I should make sure that the speed problems with double are pointed out -- I think I mention it, but I may have been so totally focused on just showing the implementation in the simplest way possible that I forget.

32 bit fixed-point is more than adequate for nearly anything, although you do sometimes have to take care with the integrator to make sure that this holds up with real code. If you need more, and you're not building LIGO-III, then you may well be sampling horrendously faster than you need to.

My preference if I'm doing a complicated control system is to use a fractional arithmetic type, where the underlying storage is twos compliment integers but the functional type has values that range from almost -1 to almost +1. You grab integer data, scale it to a fractional, do all the control calculations in fractional, and then convert back to integer to apply to a DAC or PWM generator or whatever.
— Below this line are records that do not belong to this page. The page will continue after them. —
(* (a) Let $B^L$ be a segment of the left boundary of $S_{slit}$ (oriented either way), and suppose $K_1$ extends continuously to $B^L$ with $K_1(z_1)\in e^{-i\pi/4}\mathbb R$ for all $z_1\in B^L$. Then for every $z_2\in S_{slit}$, $$\int_{B^L}\big(\mathcal K^{\circ\circ}_{K_1,K_2}(z_1,z_2)\,dz_1+\mathcal K^{\bullet\circ}_{K_1,K_2}(z_1,z_2)\,d\bar z_1\big)=0,\qquad\int_{B^L}\big(\mathcal K^{\circ\bullet}_{K_1,K_2}(z_1,z_2)\,dz_1+\mathcal K^{\bullet\bullet}_{K_1,K_2}(z_1,z_2)\,d\bar z_1\big)=0.$$ (b) Let $B^R$ be a segment of the right boundary of $S_{slit}$, and suppose $K_1$ extends continuously to $B^R$ with $K_1(z_1)\in e^{i\pi/4}\mathbb R$ for all $z_1\in B^R$. Then for every $z_2\in S_{slit}$ the same two integrals over $B^R$ vanish.
   Context: $S=\{z\in\mathbb C:-\frac12<\mathrm{Re}\,z<\frac12\}$ and $S_{slit}=S\setminus\{iy:y\le0\}$. Each point $iy$, $y<0$, of the slit gives two prime ends $0^-+iy$ (seen from $\mathrm{Re}\,z<0$) and $0^++iy$ (seen from $\mathrm{Re}\,z>0$). The left boundary of $S_{slit}$ is $\{-\frac12+iy:y\in\mathbb R\}\cup\{0^++iy:y<0\}$ and the right boundary is $\{\frac12+iy:y\in\mathbb R\}\cup\{0^-+iy:y<0\}$. $\varphi:S_{slit}\to\mathbb H$ is the conformal map onto the upper half-plane sending the top extremity ($\mathrm{Im}\,z\to+\infty$) to $\infty$, the bottom-left extremity to $-\frac12$ and the bottom-right extremity to $+\frac12$ (explicitly $\varphi(z)=\frac12\sqrt{1-e^{-2\pi iz}}$ for a suitable branch); it extends analytically to the boundary arcs. Fix a continuous branch of $\sqrt{\varphi'}$. For functions $K_1,K_2$ defined at $z_1,z_2$ respectively (bars denote complex conjugation): $\mathcal K^{\circ\circ}_{K_1,K_2}(z_1,z_2)=\frac{K_1(z_1)\sqrt{\varphi'(z_1)}\,K_2(z_2)\sqrt{\varphi'(z_2)}}{\varphi(z_1)-\varphi(z_2)}$, $\mathcal K^{\circ\bullet}_{K_1,K_2}=\frac{K_1(z_1)\sqrt{\varphi'(z_1)}\,\overline{K_2(z_2)\sqrt{\varphi'(z_2)}}}{\varphi(z_1)-\overline{\varphi(z_2)}}$, $\mathcal K^{\bullet\circ}_{K_1,K_2}=\frac{\overline{K_1(z_1)\sqrt{\varphi'(z_1)}}\,K_2(z_2)\sqrt{\varphi'(z_2)}}{\overline{\varphi(z_1)}-\varphi(z_2)}$, $\mathcal K^{\bullet\bullet}_{K_1,K_2}=\frac{\overline{K_1(z_1)\sqrt{\varphi'(z_1)}}\,\overline{K_2(z_2)\sqrt{\varphi'(z_2)}}}{\overline{\varphi(z_1)}-\overline{\varphi(z_2)}}$. *)

From Stdlib Require Import Reals.
From Coquelicot Require Import Coquelicot.
Open Scope R_scope.

Definition cexp (z : C) : C :=
  (exp (Re z) * cos (Im z), exp (Re z) * sin (Im z)).

(* principal square root: cut along (-oo,0], values with Re >= 0
   (for z on the cut, value i*sqrt|z|) *)
Definition csqrt (z : C) : C :=
  (sqrt ((Cmod z + Re z) / 2),
   (if Rle_dec 0 (Im z) then 1 else -1) * sqrt ((Cmod z - Re z) / 2)).

Definition Ci : C := (0, 1).

Definition S_slit (z : C) : Prop :=
  -1/2 < Re z < 1/2 /\ ~ (Re z = 0 /\ Im z <= 0).

(* phi(z) = 1/2 sqrt(1 - e^{-2 pi i z}) with the branch valued in the upper
   half-plane, i.e. sqrt_H(w) = i * sqrt_principal(-w). *)
Definition phi (z : C) : C :=
  Cmult (Cmult Ci (/2, 0)) (csqrt (Cminus (cexp (Cmult (0, -2 * PI) z)) 1)).

(* the four kernels, written in terms of a_j = K_j(z_j) sqrt(phi'(z_j)) and
   p_j = phi(z_j) *)
Definition Koo (a1 p1 a2 p2 : C) : C := Cdiv (Cmult a1 a2) (Cminus p1 p2).
Definition Kob (a1 p1 a2 p2 : C) : C :=
  Cdiv (Cmult a1 (Cconj a2)) (Cminus p1 (Cconj p2)).
Definition Kbo (a1 p1 a2 p2 : C) : C :=
  Cdiv (Cmult (Cconj a1) a2) (Cminus (Cconj p1) p2).
Definition Kbb (a1 p1 a2 p2 : C) : C :=
  Cdiv (Cmult (Cconj a1) (Cconj a2)) (Cminus (Cconj p1) (Cconj p2)).

Definition in_seg (a b y : R) : Prop := Rmin a b <= y <= Rmax a b.

(* The closed vertical segment { x0 + i y : y between a and b } is a segment of
   the LEFT boundary of S_slit: either on the line Re z = -1/2, or on the slit
   side 0^+ (points i y, y < 0, seen from Re z > 0). *)
Definition left_boundary_seg (x0 a b : R) : Prop :=
  x0 = -1/2 \/ (x0 = 0 /\ a < 0 /\ b < 0).
(* RIGHT boundary: the line Re z = 1/2, or the slit side 0^- (seen from Re z < 0). *)
Definition right_boundary_seg (x0 a b : R) : Prop :=
  x0 = 1/2 \/ (x0 = 0 /\ a < 0 /\ b < 0).

(* Points of S_slit near the left (resp. right) boundary point x0 + i y are
   those with Re z > x0 (resp. Re z < x0). *)
Definition side_left (x0 : R) (z : C) : Prop := S_slit z /\ x0 < Re z.
Definition side_right (x0 : R) (z : C) : Prop := S_slit z /\ Re z < x0.

(* [fB] gives the values of the continuous extension of [f] (defined on S_slit)
   to the boundary segment {x0 + i y : y in seg a b}, the boundary points being
   approached from the side [D]: f(z) -> fB y as z -> x0 + i y within D, and the
   extended function is continuous along the segment. *)
Definition cont_ext (D : C -> Prop) (f : C -> C) (fB : R -> C) (x0 a b : R) : Prop :=
  forall y, in_seg a b y ->
    filterlim f (within D (locally ((x0, y) : C))) (locally (fB y)) /\
    filterlim fB (within (in_seg a b) (locally y)) (locally (fB y)).

Definition on_line (theta : R) (c : C) : Prop :=
  exists t : R, c = Cmult (RtoC t) (cexp (0, theta)).

Definition sqrt_dphi_branch (dphi s : C -> C) : Prop :=
  (forall z, S_slit z -> @is_derive C_AbsRing C_NormedModule phi z (dphi z)) /\
  (forall z, S_slit z -> Cmult (s z) (s z) = dphi z) /\
  (forall z, S_slit z -> filterlim s (within S_slit (locally z)) (locally (s z))).

(* The integrands of the two integrals, along z1 = x0 + i y:
   dz1 = i dy, d(conj z1) = -i dy. Here a1 = K1(z1) sqrt(phi'(z1)), p1 = phi(z1)
   (boundary values), a2 = K2(z2) sqrt(phi'(z2)), p2 = phi(z2). *)
Definition integrand1 (a1 p1 a2 p2 : C) : C :=
  Cplus (Cmult (Koo a1 p1 a2 p2) Ci) (Cmult (Kbo a1 p1 a2 p2) (Copp Ci)).
Definition integrand2 (a1 p1 a2 p2 : C) : C :=
  Cplus (Cmult (Kob a1 p1 a2 p2) Ci) (Cmult (Kbb a1 p1 a2 p2) (Copp Ci)).

(* On every piece of the boundary of S_slit the boundary values of phi are real and those of
   sqrt(phi') lie on e^{i pi/4} R (left boundary) or e^{-i pi/4} R (right boundary).  Hence
   a1 = K1 sqrt(phi') and p1 = phi are real there, the kernels K°° and K•° (resp. K°• and K••)
   coincide, and with dz1 = i dy, dz1bar = -i dy both integrands vanish pointwise.
   The boundary values are read off from the identities 4 phi^2 = 1 - e^{-2 pi i z} and
   4 phi' phi = pi i e^{-2 pi i z}, which pass to the limit at a boundary point z0 where
   e^{-2 pi i z0} is real and < 1: phi(z0) is then real and nonzero and sqrt(phi')(z0)^2 is
   purely imaginary.  Which of its two square-root lines occurs is decided by the sign of
   Re phi on the side of approach, which is that of sin (2 pi Re z). *)

From Stdlib Require Import Reals Lra.
From Coquelicot Require Import Coquelicot.
Open Scope R_scope.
Implementation can be in either C or C++, although you can make more readable code with C

++.

I cover various data types (including ints, fractional, and the pitfalls of floating point) in my book. There's enough to fill a chapter. You do need to have a good understanding of what's happening to the data under the hood if you're going to do controls or signal processing.

Which reminds me -- at some point I remember seeing that fractional arithmetic was a suggested type for C, but I never kept track of whether it went someplace useful or is a dead end.

For all that, there are useful control loops to be closed out there that can profitably use double-precision floating point on a PIC or an 8051 -- just not too many of them.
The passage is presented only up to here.